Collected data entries

§ §

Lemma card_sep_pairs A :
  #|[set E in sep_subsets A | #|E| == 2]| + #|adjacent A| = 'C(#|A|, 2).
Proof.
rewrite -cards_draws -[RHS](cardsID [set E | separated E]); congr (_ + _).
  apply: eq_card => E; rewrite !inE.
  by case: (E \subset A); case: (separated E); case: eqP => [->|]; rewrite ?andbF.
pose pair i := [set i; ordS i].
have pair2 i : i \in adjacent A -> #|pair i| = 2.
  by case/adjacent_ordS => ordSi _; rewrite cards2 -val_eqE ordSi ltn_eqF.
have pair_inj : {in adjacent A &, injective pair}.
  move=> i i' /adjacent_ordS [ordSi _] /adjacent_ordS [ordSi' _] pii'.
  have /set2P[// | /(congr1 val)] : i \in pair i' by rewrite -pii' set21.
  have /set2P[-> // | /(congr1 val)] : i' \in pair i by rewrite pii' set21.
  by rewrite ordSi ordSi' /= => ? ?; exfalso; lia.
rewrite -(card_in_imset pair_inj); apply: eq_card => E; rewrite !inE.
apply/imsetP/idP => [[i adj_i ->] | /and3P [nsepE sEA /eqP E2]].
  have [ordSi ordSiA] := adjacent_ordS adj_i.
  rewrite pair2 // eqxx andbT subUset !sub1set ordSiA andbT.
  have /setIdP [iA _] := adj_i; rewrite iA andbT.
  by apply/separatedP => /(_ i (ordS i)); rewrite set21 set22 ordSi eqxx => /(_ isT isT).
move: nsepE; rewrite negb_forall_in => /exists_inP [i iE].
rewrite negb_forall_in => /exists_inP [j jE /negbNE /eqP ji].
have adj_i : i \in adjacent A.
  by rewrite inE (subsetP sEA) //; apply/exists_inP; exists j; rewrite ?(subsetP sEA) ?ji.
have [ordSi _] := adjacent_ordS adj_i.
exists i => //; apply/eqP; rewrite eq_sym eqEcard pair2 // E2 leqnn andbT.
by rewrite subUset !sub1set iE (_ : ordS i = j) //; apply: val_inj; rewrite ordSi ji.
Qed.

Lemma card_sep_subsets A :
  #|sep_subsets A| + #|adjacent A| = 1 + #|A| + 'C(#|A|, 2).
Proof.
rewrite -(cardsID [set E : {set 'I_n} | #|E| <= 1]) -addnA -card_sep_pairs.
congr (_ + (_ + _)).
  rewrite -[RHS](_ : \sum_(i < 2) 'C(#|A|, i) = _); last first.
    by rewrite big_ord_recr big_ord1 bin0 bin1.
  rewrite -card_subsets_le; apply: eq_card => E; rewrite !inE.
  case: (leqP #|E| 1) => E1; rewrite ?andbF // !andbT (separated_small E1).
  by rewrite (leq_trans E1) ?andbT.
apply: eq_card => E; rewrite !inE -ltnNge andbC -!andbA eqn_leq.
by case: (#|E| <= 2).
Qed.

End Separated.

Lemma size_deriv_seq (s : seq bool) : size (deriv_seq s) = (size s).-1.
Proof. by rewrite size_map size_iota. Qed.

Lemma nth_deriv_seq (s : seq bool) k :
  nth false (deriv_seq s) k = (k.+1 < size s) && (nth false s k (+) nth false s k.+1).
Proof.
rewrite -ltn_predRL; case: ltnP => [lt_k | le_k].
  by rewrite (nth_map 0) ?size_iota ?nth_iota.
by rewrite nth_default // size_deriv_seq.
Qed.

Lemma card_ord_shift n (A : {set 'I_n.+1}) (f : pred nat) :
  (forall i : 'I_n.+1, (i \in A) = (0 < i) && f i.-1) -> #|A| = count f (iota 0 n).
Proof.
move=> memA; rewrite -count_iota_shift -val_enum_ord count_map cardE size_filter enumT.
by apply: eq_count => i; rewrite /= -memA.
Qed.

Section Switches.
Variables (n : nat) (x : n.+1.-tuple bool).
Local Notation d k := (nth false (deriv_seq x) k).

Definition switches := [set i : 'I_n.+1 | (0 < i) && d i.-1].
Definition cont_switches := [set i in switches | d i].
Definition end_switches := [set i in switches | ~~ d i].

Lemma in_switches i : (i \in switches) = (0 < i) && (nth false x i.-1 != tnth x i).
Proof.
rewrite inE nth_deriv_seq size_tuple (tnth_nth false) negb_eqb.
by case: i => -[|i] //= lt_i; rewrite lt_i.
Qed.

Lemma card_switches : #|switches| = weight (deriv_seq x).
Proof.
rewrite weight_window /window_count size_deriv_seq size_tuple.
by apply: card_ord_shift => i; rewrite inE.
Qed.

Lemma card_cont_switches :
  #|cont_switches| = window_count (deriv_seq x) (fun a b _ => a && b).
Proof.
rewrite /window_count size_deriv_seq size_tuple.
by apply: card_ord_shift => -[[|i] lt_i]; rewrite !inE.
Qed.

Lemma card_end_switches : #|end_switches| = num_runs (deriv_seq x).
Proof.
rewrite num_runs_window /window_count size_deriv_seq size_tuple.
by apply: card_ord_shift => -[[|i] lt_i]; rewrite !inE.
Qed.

§ §

From the data above, gather every line that includes the word "Lemma".

Lemma card_sep_pairs A :
Lemma card_sep_subsets A :
Lemma size_deriv_seq (s : seq bool) : size (deriv_seq s) = (size s).-1.
Lemma nth_deriv_seq (s : seq bool) k :
Lemma card_ord_shift n (A : {set 'I_n.+1}) (f : pred nat) :
Lemma in_switches i : (i \in switches) = (0 < i) && (nth false x i.-1 != tnth x i).
Lemma card_switches : #|switches| = weight (deriv_seq x).
Lemma card_cont_switches :
Lemma card_end_switches : #|end_switches| = num_runs (deriv_seq x).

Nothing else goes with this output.